▶ [Task directions]: Only the number is needed: how many lines in the entries below contain the string "exists"?

▶ [The data]:
(* Let $\varphi=\mathrm{vec}(A)$ and $\varphi_0=\mathrm{vec}(A_0)$ with $A,A_0\in\mathbb{R}^{(p-r)\times r}$, $\|A\|_2<1$, $\|A_0\|_2<1$. Then there exists a matrix $R_U(\varphi,\varphi_0)\in\mathbb{R}^{p\times r}$ such that $$\mathrm{vec}\{U(\varphi)-U(\varphi_0)\}=DU(\varphi_0)(\varphi-\varphi_0)+\mathrm{vec}\{R_U(\varphi,\varphi_0)\},\qquad \|R_U(\varphi,\varphi_0)\|_F\le 8\|\varphi-\varphi_0\|_2^2 .$$ Equivalently, in matrix form, $$U(\varphi)-U(\varphi_0)=2(I_p-X_{\varphi_0})^{-1}(X_\varphi-X_{\varphi_0})(I_p-X_{\varphi_0})^{-1}I_{p\times r}+R_U(\varphi,\varphi_0).$$ Moreover $\|U(\varphi)-U(\varphi_0)\|_F\le 2\sqrt2\,\|\varphi-\varphi_0\|_2$ for all such $\varphi,\varphi_0$.
   Context: Fix integers $1\le r\le p$. For $A\in\mathbb{R}^{(p-r)\times r}$ write $\varphi=\mathrm{vec}(A)\in\mathbb{R}^{(p-r)r}$ (column-stacking vectorization), $X_\varphi=\begin{bmatrix}0_{r\times r}&-A^{T}\\ A&0_{(p-r)\times(p-r)}\end{bmatrix}$ and $I_{p\times r}=\begin{bmatrix}I_r\\0_{(p-r)\times r}\end{bmatrix}$. The Cayley parameterization is $U(\varphi)=(I_p+X_\varphi)(I_p-X_\varphi)^{-1}I_{p\times r}$, considered on the domain $\{\varphi=\mathrm{vec}(A):\|A\|_2<1\}$; it takes values in $\mathbb{O}(p,r)=\{U\in\mathbb{R}^{p\times r}:U^TU=I_r\}$, and explicitly $U(\varphi)=\begin{bmatrix}(I_r-A^TA)(I_r+A^TA)^{-1}\\ 2A(I_r+A^TA)^{-1}\end{bmatrix}$. Its derivative is $DU(\varphi)=2\,[I_{p\times r}^T(I_p-X_\varphi)^{-T}\otimes(I_p-X_\varphi)^{-1}]\,\Gamma$, where $\Gamma=(I_{p^2}-K_{pp})(\Theta_1^T\otimes\Theta_2^T)$, $\Theta_1=I_{p\times r}^T$, $\Theta_2=[0_{(p-r)\times r},I_{p-r}]$ (so that $\Gamma\varphi=\mathrm{vec}(X_\varphi)$), and $K_{pq}$ denotes the commutation matrix, $\mathrm{vec}(M^T)=K_{pq}\mathrm{vec}(M)$ for $M\in\mathbb{R}^{p\times q}$. $\|\cdot\|_2$ is the spectral (Euclidean) norm and $\|\cdot\|_F$ the Frobenius norm. *)

From HB Require Import structures.
From mathcomp Require Import all_boot all_order all_algebra.
From mathcomp Require Import mxtens.
From mathcomp Require Import boolp classical_sets reals.
Set Implicit Arguments. Unset Strict Implicit. Unset Printing Implicit Defensive.
Import Order.TTheory GRing.Theory Num.Theory.
Local Open Scope ring_scope.
Local Open Scope classical_set_scope.

Section Defs.
Variable R : realType.

(* Column-stacking vectorization: entry (i,j) of M (m x n) sits at
   position j*m + i of vec M. *)
Definition vec {m n} (M : 'M[R]_(m, n)) : 'cV[R]_(n * m) :=
  \col_k M (mxtens_unindex k).2 (mxtens_unindex k).1.

Definition kron {m n k l} (A : 'M[R]_(m, n)) (B : 'M[R]_(k, l)) :
  'M[R]_(m * k, n * l) := tensmx A B.
(* Let $p$ be a prime, $s\geq 2$, and let $t_1\geq 1,t_2,\dots,t_s$ be nonnegative integers with $t_s\geq 1$. Let $\mathcal{H}_s=\mathcal{H}^{t_1,\dots,t_s}$ (a $\mathbb{Z}_{p^s}$-additive code) and $\mathcal{H}_{s+1}=\mathcal{H}^{1,t_1-1,t_2,\dots,t_{s-1},t_s-1}$ (a $\mathbb{Z}_{p^{s+1}}$-additive code). Then $H_s=\Phi_s(\mathcal{H}_s)$ is permutation equivalent to $H_{s+1}=\Phi_{s+1}(\mathcal{H}_{s+1})$, i.e. there is a coordinate permutation $\pi$ with $H_{s+1}=\pi(H_s)$.
   Context: For $r\geq 1$ and $u\in\mathbb{Z}_{p^r}$ with $p$-ary expansion $u=\sum_{i=0}^{r-1}u_ip^i$, the Gray map $\phi_r:\mathbb{Z}_{p^r}\to\mathbb{Z}_p^{p^{r-1}}$ is $\phi_r(u)=(u_{r-1},\dots,u_{r-1})+(u_0,\dots,u_{r-2})Y_{r-1}$, where $Y_1=(0\ 1\ \cdots\ p-1)$ and $Y_k$ is the $k\times p^k$ matrix with first $k-1$ rows $(Y_{k-1}\ \cdots\ Y_{k-1})$ ($p$ copies) and last row $(0,\dots,0,1,\dots,1,\dots,p-1,\dots,p-1)$ (constant blocks of length $p^{k-1}$); $\phi_1$ is the identity; $\Phi_r$ applies $\phi_r$ coordinatewise and concatenates. For a ring $\mathbb{Z}_{p^r}$ and $1\le i\le r$ let $T_i=\{jp^{i-1}:0\le j\le p^{r-i+1}-1\}$. For nonnegative integers $a_1\ge 1,a_2,\dots,a_r$, $A^{a_1,\dots,a_r}$ is the matrix over $\mathbb{Z}_{p^r}$ whose columns are all $\mathbf{z}^T$ with $\mathbf{z}\in\{1\}\times T_1^{a_1-1}\times T_2^{a_2}\times\cdots\times T_r^{a_r}$, and $\mathcal{H}^{a_1,\dots,a_r}\subseteq\mathbb{Z}_{p^r}^n$ is the subgroup generated by its rows. *)

(* Elements of Z_{p^r} and Z_p are represented by their
   canonical representatives in nat (in [0, p^r) resp. [0, p)); vectors are
   seq nat; codes are predicates on seq nat. *)
From mathcomp Require Import all_boot all_order.
From mathcomp Require Import perm.
Set Implicit Arguments. Unset Strict Implicit. Unset Printing Implicit Defensive.

Section Defs.
Variable p : nat.

Definition digit (u i : nat) : nat := (u %/ p ^ i) %% p.

(* Yrec k = Y_{k+1}, as a list of rows, defined by the recursion of the paper:
   Y_1 = (0 1 ... p-1);  Y_{k+1} = [ (Y_k ... Y_k) (p copies) ;
                                    (0..0 1..1 ... p-1..p-1) blocks of length p^k ] *)
Fixpoint Yrec (k : nat) : seq (seq nat) :=
  match k with
  | 0 => [:: iota 0 p]
  | k'.+1 => [seq flatten (nseq p row) | row <- Yrec k'] ++
             [:: flatten [seq nseq (p ^ k'.+1) j | j <- iota 0 p]]
  end.

Definition Ymat (k : nat) : seq (seq nat) := Yrec k.-1.

(* phi_r(u) = (u_{r-1},...,u_{r-1}) + (u_0,...,u_{r-2}) Y_{r-1}  over Z_p;
   phi_1 = identity *)
Definition phi (r u : nat) : seq nat :=
  if r <= 1 then [:: u] else
  [seq (digit u r.-1 +
        \sum_(i < r.-1) digit u i * nth 0 (nth [::] (Ymat r.-1) i) j) %% p
  | j <- iota 0 (p ^ r.-1)].

Definition Phi (r : nat) (w : seq nat) : seq nat := flatten (map (phi r) w).

Definition Tset (r i : nat) : seq nat := [seq j * p ^ i.-1 | j <- iota 0 (p ^ (r - i).+1)].

(* the list of factors {1} x T_1^{a_1-1} x T_2^{a_2} x ... x T_r^{a_r},
   where r = size a *)
Definition factors (a : seq nat) : seq (seq nat) :=
  let r := size a in
  [:: [:: 1]] ++ nseq (head 0 a).-1 (Tset r 1) ++
  flatten [seq nseq (nth 0 a i.-1) (Tset r i) | i <- iota 2 r.-1].

Definition cprod (F : seq (seq nat)) : seq (seq nat) :=
  foldr (fun S acc => [seq x :: v | x <- S, v <- acc]) [:: [::]] F.

(* the columns z^T of A^{a_1,...,a_r} (each column as the list of its entries) *)
Definition Acols (a : seq nat) : seq (seq nat) := cprod (factors a).

(* the codeword  sum_k c_k (row k of A)  in Z_{p^r}^n, r = size a *)
Definition Hword (a : seq nat) (c : seq nat) : seq nat :=
  [seq (sumn [seq x.1 * x.2 | x <- zip c z]) %% p ^ (size a) | z <- Acols a].

(* H^{a_1,...,a_r}: the subgroup of Z_{p^r}^n generated by the rows of A,
   i.e. the set of all integer (equivalently nonnegative) combinations of them *)
Definition inH (a : seq nat) (w : seq nat) : Prop := exists c : seq nat, w = Hword a c.

Definition inPhiH (a : seq nat) (w : seq nat) : Prop :=
  exists v, inH a v /\ w = Phi (size a) v.

Definition permute (N : nat) (sigma : {perm 'I_N}) (v : seq nat) : seq nat :=
  [seq nth 0 v (sigma i) | i <- enum 'I_N].

End Defs.

From mathcomp Require Import all_boot all_order perm.
Set Implicit Arguments. Unset Strict Implicit. Unset Printing Implicit Defensive.

(* Write j < p^s in base p as (j_0, ..., j_(s-1)).  Coordinate j of phi_(s+1)(u)
   is u_s + \sum_(i < s) u_i j_i mod p, so for u = a + p V with a < p it equals
   coordinate (j_1, ..., j_(s-1)) of phi_s(V + a j_0 p^(s-1)).  The columns of
   A^t' are the 1 :: p z and those of A^t the 1 :: z ++ [k p^(s-1)], k < p, for z
   ranging over one and the same product of T_i's.  Hence transposing every block
   of p x p^(s-1) positions maps the image of the codeword of H_(s+1) whose
   all-one row has coefficient a + p b onto the image of the codeword of H_s with
   the same other coefficients, coefficient b for the all-one row and a for the
   last row.  Every codeword of H_s arises so: the last row of A^t is divisible by
   p^(s-1), so only its coefficient mod p matters. *)

Section FlattenUniform.
Variables (T : eqType) (x0 : T) (k : nat).

Lemma size_flatten_uniform (ss : seq (seq T)) :
  {in ss, forall s, size s = k} -> size (flatten ss) = size ss * k.
Proof.
elim: ss => [|s ss IHss] //= sizeE.
by rewrite size_cat IHss ?sizeE ?mem_head // => s' ss_s'; rewrite sizeE // in_cons ss_s' orbT.
Qed.

Lemma nth_flatten_uniform (ss : seq (seq T)) i :
  {in ss, forall s, size s = k} -> i < size ss * k ->
  nth x0 (flatten ss) i = nth x0 (nth [::] ss (i %/ k)) (i %% k).
Proof.
elim: ss i => [|s ss IHss] i //= sizeE lt_i.
have /andP[_ k_gt0] : (0 < (size ss).+1) && (0 < k).
  by rewrite -muln_gt0 (leq_ltn_trans _ lt_i).
rewrite nth_cat sizeE ?mem_head //; case: ltnP => [lt_ik | le_ki].
  by rewrite divn_small // modn_small.
have -> : i = k + (i - k) by rewrite subnKC.
rewrite addKn IHss; first by rewrite modnDl divnDl ?dvdnn // divnn k_gt0.
- by move=> s' ss_s'; rewrite sizeE // in_cons ss_s' orbT.
- by rewrite -(ltn_add2l k) subnKC // -mulSn.
Qed.

End FlattenUniform.

Section Digits.
Variable p : nat.
Hypothesis p_gt0 : 0 < p.

Lemma digit0 x : digit p x 0 = x %% p.
Proof. by rewrite /digit expn0 divn1. Qed.

Lemma digitS x i : digit p x i.+1 = digit p (x %/ p) i.
Proof. by rewrite /digit expnS divnMA. Qed.

Lemma digit_modX x m i : i < m -> digit p (x %% p ^ m) i = digit p x i.
Proof.
move=> lt_im; rewrite /digit -(subnKC (ltnW lt_im)) expnD.
rewrite divn_modl ?dvdn_mulr // mulKn ?expn_gt0 ?p_gt0 //.
by rewrite modn_dvdm // dvdn_exp // subn_gt0.
Qed.

Lemma digit_addXl x y m i : i < m -> digit p (x + y * p ^ m) i = digit p x i.
Proof.
move=> lt_im; rewrite /digit -(subnKC lt_im) expnD expnSr.
rewrite -mulnA mulnCA [p ^ i * _]mulnC divnDMl ?expn_gt0 ?p_gt0 //.
by rewrite -modnDm mulnCA modnMr addn0 modn_mod.
Qed.

Lemma digit_addX x y m : digit p (x + y * p ^ m) m = (x %/ p ^ m + y) %% p.
Proof. by rewrite /digit divnDMl ?expn_gt0 ?p_gt0. Qed.

End Digits.

Lemma ltn_mixed_radix a b c x : a < b -> x < c -> a * c + x < b * c.
Proof.
move=> lt_ab lt_xc; apply: (@leq_trans (a.+1 * c)); first by rewrite mulSnr ltn_add2l.
by rewrite leq_mul2r lt_ab orbT.
Qed.

(* Reading [i < m * n] as [b * m + a] with [a < m], this is [a * n + b]: the
   transposition of an [n x m] array stored row by row. *)
Definition transpose_index m n i := i %% m * n + i %/ m.

Definition block_transpose m n i :=
  i %/ (m * n) * (m * n) + transpose_index m n (i %% (m * n)).

Lemma transpose_index_lt m n i : i < m * n -> transpose_index m n i < m * n.
Proof.
move=> lt_imn; have /andP[m_gt0 _] : (0 < m) && (0 < n).
  by rewrite -muln_gt0 (leq_ltn_trans _ lt_imn).
by rewrite ltn_mixed_radix ?ltn_mod // ltn_divLR // mulnC.
Qed.

Lemma transpose_indexK m n i : i < m * n ->
  transpose_index n m (transpose_index m n i) = i.
Proof.
move=> lt_imn; have /andP[m_gt0 n_gt0] : (0 < m) && (0 < n).
  by rewrite -muln_gt0 (leq_ltn_trans _ lt_imn).
have lt_b : i %/ m < n by rewrite ltn_divLR // mulnC.
rewrite /transpose_index modnMDl divnMDl // (modn_small lt_b) (divn_small lt_b).
by rewrite addn0 -divn_eq.
Qed.

Lemma block_transpose_lt m n K i :
  i < K * (m * n) -> block_transpose m n i < K * (m * n).
Proof.
move=> lt_i; have /andP[_ mn_gt0] : (0 < K) && (0 < m * n).
  by rewrite -muln_gt0 (leq_ltn_trans _ lt_i).
rewrite ltn_mixed_radix ?ltn_divLR //.
exact/transpose_index_lt/ltn_pmod.
Qed.

Lemma block_transposeK m n i : 0 < m * n -> block_transpose n m (block_transpose m n i) = i.
Proof.
move=> mn_gt0; have lt_t := transpose_index_lt (ltn_pmod i mn_gt0).
rewrite /block_transpose [n * m]mulnC divnMDl // modnMDl (divn_small lt_t) (modn_small lt_t).
by rewrite addn0 transpose_indexK ?ltn_pmod // -divn_eq.
Qed.

Lemma block_transpose_perm m n N : 0 < m * n -> m * n %| N ->
  exists sigma : {perm 'I_N}, forall i, val (sigma i) = block_transpose m n i.
Proof.
move=> mn_gt0 dvd_mn_N.
have lt_t (i : 'I_N) : block_transpose m n i < N.
  by have := @block_transpose_lt m n (N %/ (m * n)) i; rewrite divnK //; apply.
pose f i := Ordinal (lt_t i).
have inj_f : injective f.
  move=> i j /(congr1 (block_transpose n m \o val)).
  by rewrite /= !block_transposeK // => /val_inj.
by exists (perm inj_f) => i; rewrite permE.
Qed.

Lemma permute_block_transpose m n N (sigma : {perm 'I_N}) v :
  (forall i, val (sigma i) = block_transpose m n i) ->
  permute sigma v = [seq nth 0 v (block_transpose m n i) | i <- iota 0 N].
Proof.
move=> sigmaE; rewrite /permute -val_enum_ord -map_comp.
by apply: eq_map => i /=; rewrite sigmaE.
Qed.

▶ [Task answer]: 5